Just this week, I have had the great fortune of adding another pet peeve to my master list of peeves, a list that seems to be ever-growing by the day. The top peeves, of course, are matters of grammar. You all, faithful blog followers, know that I cannot stand text lingo (wat up wit u lol); just as you know I have come close to completely melting down over the use of fake words like ‘good’er’ and ‘funner.’ And we all remember that post long ago and far away on Art is of Words when I had the equivalent of a digital aneurysm over the new trend in putting spaces between an exclamatory sentence and its exclamation point(s) (OMG I am sooooo excited !!!).
But I have other pet peeves besides grammar and punctuation. The grocery store lady is one of them; another, still, is when people take too long to return a text message, or worse – ignore it. But some of these are lower on the list, because yes, lovely readers, I do prioritize my list by just how annoying the particular peeve in question is. Well, I have added a new one and it’s a doozy, so it’ll be ranking pretty high up there with the exclamations and the OMGs.
At dinner a few nights ago, I was confronted with a situation that I realized I have been confronted with quite a few times in the past, without realizing it of course. We were at dinner with a group of my husband’s family and friends, and every time I said something, one person in particular felt that it was necessary to verify what I said with either my husband or someone else in their “circle.” I said something about the Internet, and this person said to my husband “is that true?” I said something about a mutual friend we all had, and this person said to one of the other friends “is that true?” I think it happened three times during the course of the evening that night, and upon thinking about it more realized that I am second-guessed to death every single time we are around this person in particular.

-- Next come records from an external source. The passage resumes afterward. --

(* Let $k\ge2$. For every nonzero $\xi\in\mathbb{R}^4$ the sequence $0\leftarrow\mathbb{C}^{k+1}\xleftarrow{D_0^{(k)}(\xi)^t}\mathbb{C}^{2k}\xleftarrow{D_1^{(k)}(\xi)^t}\mathbb{C}^{k-1}\leftarrow0$ is exact.
   Context: Put $a=\frac1i(\xi_0-i\xi_1)$, $\bar a'=\frac1i(\xi_0+i\xi_1)$, $b=\frac1i(\xi_2-i\xi_3)$, $\bar b'=\frac1i(\xi_2+i\xi_3)$. $D_0^{(k)}(\xi)$ is the $(2k)\times(k+1)$ matrix whose rows $2j$, $2j+1$ ($j=0,\dots,k-1$, rows/columns indexed from $0$) are: row $2j$ has entry $-\bar b'$ in column $j$ and $-\bar a'$ in column $j+1$; row $2j+1$ has entry $a$ in column $j$ and $-b$ in column $j+1$; all other entries $0$. $D_1^{(k)}(\xi)$ is the $(k-1)\times(2k)$ matrix whose row $j$ ($j=0,\dots,k-2$) has entries $-a,-\bar b',b,-\bar a'$ in columns $2j,2j+1,2j+2,2j+3$ and zeros elsewhere. (These are the symbols of the $k$-Cauchy–Fueter operators, obtained by replacing $\partial_{x_l}$ by $\frac1i\xi_l$.) $t$ denotes transpose; exactness means $D_0^{(k)}(\xi)^t$ is surjective, $D_1^{(k)}(\xi)^t$ injective, and $\operatorname{Im}D_1^{(k)}(\xi)^t=\ker D_0^{(k)}(\xi)^t$. *)

From HB Require Import structures.
From mathcomp Require Import all_boot all_order all_algebra.
From mathcomp Require Import complex.
From mathcomp Require Import Rstruct.
From Stdlib Require Rdefinitions.
Set Implicit Arguments. Unset Strict Implicit. Unset Printing Implicit Defensive.
Import Order.TTheory GRing.Theory Num.Theory.
Local Open Scope ring_scope.

Notation C := (complex Rdefinitions.R).

Definition rC (x : Rdefinitions.R) : C := (x%:C)%C.

Section Symbols.
Variable xi : 'I_4 -> Rdefinitions.R.
Let x (l : nat) : C := rC (xi (inord l)).
Let iC : C := 'i%C.

Definition sym_a  : C := iC^-1 * (x 0 - iC * x 1).
Definition sym_a' : C := iC^-1 * (x 0 + iC * x 1).
Definition sym_b  : C := iC^-1 * (x 2 - iC * x 3).
Definition sym_b' : C := iC^-1 * (x 2 + iC * x 3).
End Symbols.

Definition D0 (k : nat) (xi : 'I_4 -> Rdefinitions.R) : 'M[C]_((2 * k)%N, k.+1) :=
  \matrix_(r < (2 * k)%N, c < k.+1)
    let j := divn r 2 in
    if ~~ odd r then
      (if c == j :> nat then - sym_b' xi
       else if c == j.+1 :> nat then - sym_a' xi else 0)
    else
      (if c == j :> nat then sym_a xi
       else if c == j.+1 :> nat then - sym_b xi else 0).

Definition D1 (k : nat) (xi : 'I_4 -> Rdefinitions.R) : 'M[C]_((k - 1)%N, (2 * k)%N) :=
  \matrix_(j < (k - 1)%N, c < (2 * k)%N)
    if c == (2 * j)%N :> nat then - sym_a xi
    else if c == (2 * j).+1 :> nat then - sym_b' xi
    else if c == (2 * j).+2 :> nat then sym_b xi
    else if c == (2 * j).+3 :> nat then - sym_a' xi
    else 0.

From HB Require Import structures.
From mathcomp Require Import all_boot all_order all_algebra.
From mathcomp Require Import complex Rstruct.
From mathcomp Require Import ring zify.
From Stdlib Require Rdefinitions.
Import GRing.Theory Num.Theory.
Set Implicit Arguments. Unset Strict Implicit. Unset Printing Implicit Defensive.
Local Open Scope ring_scope.

(* Group the coordinates of C^{2k} into pairs (v_{2j}, v_{2j+1}).  On a pair,
   D_0^t acts through the 2x2 map (phi, psi) of determinant
   N = a a' + b b' = -|xi|^2, which is invertible for xi <> 0: component c of
   D_0^t v is phi(pair c) + psi(pair (c-1)).  In the coordinates
   p_j = phi(pair j), q_j = psi(pair j) the complex becomes elementary:
   D_0^t v = (p_c + q_{c-1})_c, and D_1^t z is the vector with q_j = N z_j and
   p_j = -N z_{j-1}. *)

Section Coefficients.
Variable R : nzRingType.

(* Columns read as zero-padded sequences: the boundary components of D_0^t and
   D_1^t then need no special case. *)
Definition colseq n (v : 'cV[R]_n) (m : nat) : R :=
  if insub m is Some i then v i 0 else 0.

Definition shift (s : nat -> R) (m : nat) : R := if m is m'.+1 then s m' else 0.

Lemma colseq_ord n (v : 'cV[R]_n) (i : 'I_n) : colseq v i = v i 0.
Proof. by rewrite /colseq valK. Qed.

Lemma colseq_out n (v : 'cV[R]_n) m : (n <= m)%N -> colseq v m = 0.
Proof. by move=> le_nm; rewrite /colseq insubN // -leqNgt. Qed.

Lemma shiftE (s : nat -> R) m : (0 < m)%N -> shift s m = s m.-1.
Proof. by case: m. Qed.

Lemma shift_colseq_out n (v : 'cV[R]_n) j : (n <= j.-1)%N -> shift (colseq v) j = 0.
Proof. by case: j => //= j; exact: colseq_out. Qed.

Lemma colseq_col n (f : nat -> R) m : (m < n)%N -> colseq (\col_(i < n) f i) m = f m.
Proof. by move=> lt_mn; rewrite /colseq insubT mxE. Qed.

Lemma colseq0 n m : colseq (0 : 'cV[R]_n) m = 0.
Proof. by rewrite /colseq; case: insub => // i; rewrite mxE. Qed.

Lemma sum_colseq n (v : 'cV[R]_n) m (g : R) :
  \sum_(i < n) (if i == m :> nat then g else 0) * v i 0 = g * colseq v m.
Proof.
have [lt_mn | le_nm] := ltnP m n; last first.
  rewrite colseq_out // mulr0 big1 // => i _.
  by rewrite ifN ?mul0r // neq_ltn (leq_trans (ltn_ord i)).
rewrite (bigD1 (Ordinal lt_mn)) //= eqxx -[m]/(nat_of_ord (Ordinal lt_mn)) colseq_ord.
rewrite big1 ?addr0 // => i /negbTE ne_i.
by rewrite -(inj_eq val_inj) /= in ne_i; rewrite ne_i mul0r.
Qed.

Lemma sum_colseq_shift n (v : 'cV[R]_n) m (g : R) :
  \sum_(i < n) (if m == i.+1 then g else 0) * v i 0 = g * shift (colseq v) m.
Proof.
case: m => [|m] /=; last by under eq_bigr do rewrite eqSS eq_sym; rewrite sum_colseq.
by rewrite big1 ?mulr0 // => i _; rewrite mul0r.
Qed.

Definition evens n (v : 'cV[R]_n) (j : nat) : R := colseq v (2 * j)%N.
Definition odds n (v : 'cV[R]_n) (j : nat) : R := colseq v (2 * j)%N.+1.

Lemma eq_evens_odds n (v w : 'cV[R]_n) :
  evens v =1 evens w -> odds v =1 odds w -> v = w.
Proof.
move=> Eeven Eodd; apply/colP => i; rewrite -!colseq_ord.
rewrite -(odd_double_half i) -mul2n; case: (odd i) => /=; [exact: Eodd | exact: Eeven].
Qed.

Lemma evens_out k (v : 'cV[R]_(2 * k)) j : (k <= j)%N -> evens v j = 0.
Proof. by move=> le_kj; rewrite /evens colseq_out // leq_mul2l. Qed.

Lemma odds_out k (v : 'cV[R]_(2 * k)) j : (k <= j)%N -> odds v j = 0.
Proof. by move=> le_kj; rewrite /odds colseq_out // ltnW // ltnS leq_mul2l. Qed.

Definition interleave k (u w : nat -> R) : 'cV[R]_(2 * k) :=
  \col_(r < (2 * k)%N) if odd r then w r./2 else u r./2.

Lemma evens_interleave k u w j : (j < k)%N -> evens (interleave k u w) j = u j.
Proof.
move=> lt_jk; rewrite /evens (colseq_col (fun r => if odd r then w r./2 else u r./2)).
  by rewrite mul2n odd_double doubleK.
by rewrite ltn_pmul2l.
Qed.

Lemma odds_interleave k u w j : (j < k)%N -> odds (interleave k u w) j = w j.
Proof.
move=> lt_jk; rewrite /odds (colseq_col (fun r => if odd r then w r./2 else u r./2)).
  by rewrite mul2n /= odd_double uphalf_double.
by lia.
Qed.
End Coefficients.

Section PairMap.
Variables (F : fieldType) (a a' b b' : F).
Local Notation N := (a * a' + b * b').
Hypothesis N_neq0 : N != 0.

Definition phi (x y : F) : F := - b' * x + a * y.
Definition psi (x y : F) : F := - a' * x - b * y.

Lemma phi0 : phi 0 0 = 0. Proof. by rewrite /phi !mulr0 addr0. Qed.
Lemma psi0 : psi 0 0 = 0. Proof. by rewrite /psi !mulr0 subr0. Qed.

Definition unpair1 (p q : F) : F := (- b * p - a * q) / N.
Definition unpair2 (p q : F) : F := (a' * p - b' * q) / N.

Lemma phi_unpair p q : phi (unpair1 p q) (unpair2 p q) = p.
Proof. by rewrite /phi /unpair1 /unpair2; field. Qed.

Lemma psi_unpair p q : psi (unpair1 p q) (unpair2 p q) = q.
Proof. by rewrite /psi /unpair1 /unpair2; field. Qed.

Lemma phi_psi_inj x y x' y' :
  phi x y = phi x' y' -> psi x y = psi x' y' -> x = x' /\ y = y'.
Proof.
have unpairK1 u v : unpair1 (phi u v) (psi u v) = u by rewrite /unpair1 /phi /psi; field.
have unpairK2 u v : unpair2 (phi u v) (psi u v) = v by rewrite /unpair2 /phi /psi; field.
move=> Ephi Epsi; split; [rewrite -(unpairK1 x y) | rewrite -(unpairK2 x y)].
  by rewrite Ephi Epsi unpairK1.
by rewrite Ephi Epsi unpairK2.
Qed.
End PairMap.

Lemma sum_ord4 (R : nzRingType) (f : 'I_4 -> R) :
  \sum_(l < 4) f l = f (inord 0) + f (inord 1) + f (inord 2) + f (inord 3).
Proof.
transitivity (\sum_(l < 4) f (inord l)); first by apply: eq_bigr => l _; rewrite inord_val.
by rewrite -(big_mkord xpredT (fun l => f (inord l))) unlock /= addr0 !addrA.
Qed.

Lemma sym_norm (xi : 'I_4 -> Rdefinitions.R) :
  sym_a xi * sym_a' xi + sym_b xi * sym_b' xi = - rC (\sum_(l < 4) xi l ^+ 2).
Proof.
rewrite /sym_a /sym_a' /sym_b /sym_b' sum_ord4 /rC !rmorphD !rmorphXn /=.
set s := 'i%C; set x0 := (_ (inord 0))%:C%C; set x1 := (_ (inord 1))%:C%C.
set x2 := (_ (inord 2))%:C%C; set x3 := (_ (inord 3))%:C%C.
have s2 : s ^+ 2 = -1 by exact: sqr_i.
have si : s^-1 ^+ 2 = -1 by rewrite exprVn s2 invrN1.
transitivity (s^-1 ^+ 2 * (x0 ^+ 2 - s ^+ 2 * x1 ^+ 2 + x2 ^+ 2 - s ^+ 2 * x3 ^+ 2)); first by ring.
rewrite si s2; ring.
Qed.

Lemma sym_norm_neq0 (xi : 'I_4 -> Rdefinitions.R) :
  (exists l, xi l <> 0%R) -> sym_a xi * sym_a' xi + sym_b xi * sym_b' xi != 0.
Proof.
case=> l xil_neq0; rewrite sym_norm oppr_eq0 /rC fmorph_eq0.
apply: contra_notN xil_neq0 => /eqP sum_eq0; apply/eqP; rewrite -sqrf_eq0.
by apply/eqP/(psumr_eq0P _ sum_eq0) => // i _; exact: sqr_ge0.
Qed.

Section Symbols.
Variables (k : nat) (xi : 'I_4 -> Rdefinitions.R).
Local Notation a := (sym_a xi).
Local Notation a' := (sym_a' xi).
Local Notation b := (sym_b xi).
Local Notation b' := (sym_b' xi).
Local Notation phi := (phi a b').
Local Notation psi := (psi a' b).
Local Notation N := (a * a' + b * b').

Lemma D0_entry (r : 'I_(2 * k)) (c : 'I_k.+1) :
  D0 k xi r c = (if r == (2 * c)%N :> nat then - b' else 0)
                + (if r == (2 * c)%N.+1 :> nat then a else 0)
                + shift (fun j => (if r == (2 * j)%N :> nat then - a' else 0)
                                   + (if r == (2 * j)%N.+1 :> nat then - b else 0)) c.
Proof.
rewrite mxE divn2; have := odd_double_half r; rewrite -mul2n.
move: (odd r) (r./2) => o j; move: (nat_of_ord r) (nat_of_ord c) => {}r [|{}c] /= Er;
  case: o Er => /= Er; repeat (case: eqP => ? /=); rewrite ?addr0 ?add0r //; lia.
Qed.

Lemma D0t_mul v (c : 'I_k.+1) :
  ((D0 k xi)^T *m v) c 0 = phi (evens v c) (odds v c)
                           + shift (fun j => psi (evens v j) (odds v j)) c.
Proof.
rewrite mxE; under eq_bigr do rewrite mxE D0_entry !mulrDl.
rewrite !big_split /= !sum_colseq; case: c => [[|c] _] /=.
  by rewrite big1 ?addr0 // => r _; rewrite mul0r.
under eq_bigr do rewrite mulrDl.
by rewrite big_split /= !sum_colseq /phi /psi !mulNr.
Qed.

Lemma D1_entry_even (i : 'I_(k - 1)) (c : 'I_(2 * k)) m : c = (2 * m)%N :> nat ->
  D1 k xi i c = (if i == m :> nat then - a else 0) + (if m == i.+1 then b else 0).
Proof.
rewrite mxE; move: (nat_of_ord i) (nat_of_ord c) => {}i {}c ->.
by repeat (case: eqP => ? /=); rewrite ?addr0 ?add0r //; lia.
Qed.

Lemma D1_entry_odd (i : 'I_(k - 1)) (c : 'I_(2 * k)) m : c = (2 * m)%N.+1 :> nat ->
  D1 k xi i c = (if i == m :> nat then - b' else 0) + (if m == i.+1 then - a' else 0).
Proof.
rewrite mxE; move: (nat_of_ord i) (nat_of_ord c) => {}i {}c ->.
by repeat (case: eqP => ? /=); rewrite ?addr0 ?add0r //; lia.
Qed.

Lemma evens_D1t z j :
  evens ((D1 k xi)^T *m z) j = - a * colseq z j + b * shift (colseq z) j.
Proof.
have [lt_jk | le_kj] := ltnP j k; last first.
  by rewrite evens_out // colseq_out ?shift_colseq_out ?mulr0 ?addr0 //; lia.
have lt_2j : (2 * j < 2 * k)%N by rewrite ltn_pmul2l.
rewrite /evens -[(2 * j)%N]/(nat_of_ord (Ordinal lt_2j)) colseq_ord mxE.
under eq_bigr do rewrite mxE (@D1_entry_even _ (Ordinal lt_2j) j erefl) mulrDl.
by rewrite big_split /= sum_colseq sum_colseq_shift.
Qed.

Lemma odds_D1t z j :
  odds ((D1 k xi)^T *m z) j = - b' * colseq z j - a' * shift (colseq z) j.
Proof.
have [lt_jk | le_kj] := ltnP j k; last first.
  by rewrite odds_out // colseq_out ?shift_colseq_out ?mulr0 ?subr0 //; lia.
have lt_2j : ((2 * j).+1 < 2 * k)%N by lia.
rewrite /odds -[(2 * j)%N.+1]/(nat_of_ord (Ordinal lt_2j)) colseq_ord mxE.
under eq_bigr do rewrite mxE (@D1_entry_odd _ (Ordinal lt_2j) j erefl) mulrDl.
by rewrite big_split /= sum_colseq sum_colseq_shift [in X in _ + X]mulNr.
Qed.

Lemma phi_D1t z j :
  phi (evens ((D1 k xi)^T *m z) j) (odds ((D1 k xi)^T *m z) j)
  = - N * shift (colseq z) j.
Proof. by rewrite evens_D1t odds_D1t /phi; ring. Qed.

Lemma psi_D1t z j :
  psi (evens ((D1 k xi)^T *m z) j) (odds ((D1 k xi)^T *m z) j)
  = N * colseq z j.
Proof. by rewrite evens_D1t odds_D1t /psi; ring. Qed.

Lemma D0t_D1t (z : 'cV[C]_(k - 1)) : (D0 k xi)^T *m ((D1 k xi)^T *m z) = 0.
Proof.
apply/colP => c; rewrite D0t_mul phi_D1t mxE.
by case: c => [[|c] _] /=; rewrite ?psi_D1t mulNr ?mulr0 ?oppr0 ?addr0 ?addNr.
Qed.

Hypothesis N_neq0 : N != 0.

Lemma D1t_inj (z : 'cV[C]_(k - 1)) : (D1 k xi)^T *m z = 0 -> z = 0.
Proof.
move=> D1z0; apply/colP => j; rewrite -colseq_ord mxE; apply: (mulfI N_neq0).
by rewrite -psi_D1t D1z0 /evens /odds !colseq0 mulr0 psi0.
Qed.

Lemma D0t_surj : (0 < k)%N -> forall y : 'cV[C]_k.+1, exists v, (D0 k xi)^T *m v = y.
Proof.
move=> k_gt0 y; pose q j := if j.+1 == k then colseq y k else 0.
exists (interleave k (fun j => unpair1 a a' b b' (colseq y j) (q j))
                     (fun j => unpair2 a a' b b' (colseq y j) (q j))).
apply/colP => c; rewrite D0t_mul -colseq_ord.
have [lt_ck | le_kc] := ltnP c k.
  rewrite evens_interleave // odds_interleave // phi_unpair //.
  case: (nat_of_ord c) lt_ck => [|c'] lt_ck /=; first by rewrite addr0.
  rewrite evens_interleave ?odds_interleave ?psi_unpair ?(ltnW lt_ck) //.
  by rewrite /q ifN ?addr0 ?neq_ltn ?lt_ck.
have -> : nat_of_ord c = k by have := ltn_ord c; lia.
rewrite evens_out ?odds_out // phi0 add0r shiftE //.
by rewrite evens_interleave ?odds_interleave ?psi_unpair ?ltn_predL // /q prednK // eqxx.
Qed.

Lemma ker_D0t_sub_im_D1t (v : 'cV[C]_(2 * k)) :
  (D0 k xi)^T *m v = 0 -> exists z, (D1 k xi)^T *m z = v.
Proof.
move=> D0v0; pose p j := phi (evens v j) (odds v j); pose q j := psi (evens v j) (odds v j).
have pq_rel c : p c + shift q c = 0.
  have [le_ck | lt_kc] := leqP c k.
    by move/colP/(_ (Ordinal (le_ck : c < k.+1)%N)): D0v0; rewrite D0t_mul mxE.
  rewrite /p evens_out ?odds_out ?(ltnW lt_kc) // phi0 add0r shiftE ?(leq_ltn_trans _ lt_kc) //.
  by rewrite /q evens_out ?odds_out ?psi0 //; lia.
have q_out j : (k <= j.+1)%N -> q j = 0.
  by move=> le_kj; have := pq_rel j.+1; rewrite /p evens_out ?odds_out // phi0 add0r.
exists (\col_(j < k - 1) (q j / N)).
set z := \col_(j < _) _.
have colseq_z j : colseq z j = q j / N.
  have [lt_jk | le_kj] := ltnP j (k - 1); first by rewrite (colseq_col (fun j => q j / _)).
  by rewrite colseq_out // q_out ?mul0r //; lia.
suff E j : evens ((D1 k xi)^T *m z) j = evens v j /\ odds ((D1 k xi)^T *m z) j = odds v j.
  by apply: eq_evens_odds => j; case: (E j).
apply: (phi_psi_inj N_neq0); last by rewrite psi_D1t colseq_z mulrC divfK.
rewrite phi_D1t (_ : shift (colseq z) j = shift q j / N); last first.
  by case: j => [|j] /=; rewrite ?colseq_z ?mul0r.
rewrite -/(p j); move/eqP: (pq_rel j); rewrite addr_eq0 => /eqP ->.
by rewrite mulNr mulrC divfK.
Qed.
End Symbols.

Theorem lemma4p1 (k : nat) (hk : (2 <= k)%N) (xi : 'I_4 -> Rdefinitions.R)
  (hxi : exists l : 'I_4, xi l <> 0%R) :
  (* D_0^t : C^{2k} -> C^{k+1} is surjective *)
  (forall y : 'cV[C]_(k.+1), exists v : 'cV[C]_((2 * k)%N), (D0 k xi)^T *m v = y) /\
  (* D_1^t : C^{k-1} -> C^{2k} is injective *)
  (forall z : 'cV[C]_((k - 1)%N), (D1 k xi)^T *m z = 0 -> z = 0) /\
  (* Im D_1^t = ker D_0^t *)
  (forall v : 'cV[C]_((2 * k)%N),
     (D0 k xi)^T *m v = 0 <-> exists z : 'cV[C]_((k - 1)%N), (D1 k xi)^T *m z = v).
Proof.
have N_neq0 := sym_norm_neq0 hxi.
split; first exact: D0t_surj N_neq0 (ltnW hk).
split; first exact: D1t_inj N_neq0.
move=> v; split; first exact: (ker_D0t_sub_im_D1t N_neq0).
by case=> z <-; exact: D0t_D1t.
Qed.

This made me think for a while – am I seen as a liar? Do people see me as not a trustworthy source of information, even over mundane things? Were other people being second-guessed as well? I felt so second-guessed after this particular dinner that I began to second-guess myself, so asked around. To my surprise (and relief), I found that a lot of my friends encounter people like this – people that have to verify everything that you say in front of you with someone they trust more, even on the most minor of issues. An old high school friend of mine told me she has a co-worker that is constantly second-guessing everyone in the office; one of my friends even said that he broke up with a girlfriend of eight months because the girl’s dad did it so often. So what’s the deal?
After even further second-guessing, I realized that I could not – for the life of me – figure out why people do this. Why they have to “is that true?” someone they may have known for years, decades even, is completely unreasonable to me. Not only does it just not make sense, because generally you associate with people you believe and trust, but it is just so rude. Second-guessing someone you consider more than just an acquaintance – be it a co-worker, friend, or relative – is like turning to a nurse and asking if the doctor is right in saying you have bronchitis. It’s illogical, rude, inconsiderate, and really says more than it is probably even intended to. But then, I can’t figure it out. Is it that these people have trust issues? Or is it more deeply rooted, sort of like a subconscious need to establish just whose side you are on, even for information?
As with most questions I ask myself, I still have no answer for this one. Perhaps that is why it ranks so high up on my master list of pet peeves: the very fact that it happens is bad enough, but not knowing why is enough to make that funky blue vein pop out of my forehead. To that person that always, inevitably, does this – the person at my family and friend dinner, the person at my friend’s office, my friend’s ex-girlfriend’s dad, and all you other second-guessers out there – we have all updated our lists accordingly. And let me tell you, once you’ve reached the status of an entry on the pet peeve list, you hear about it.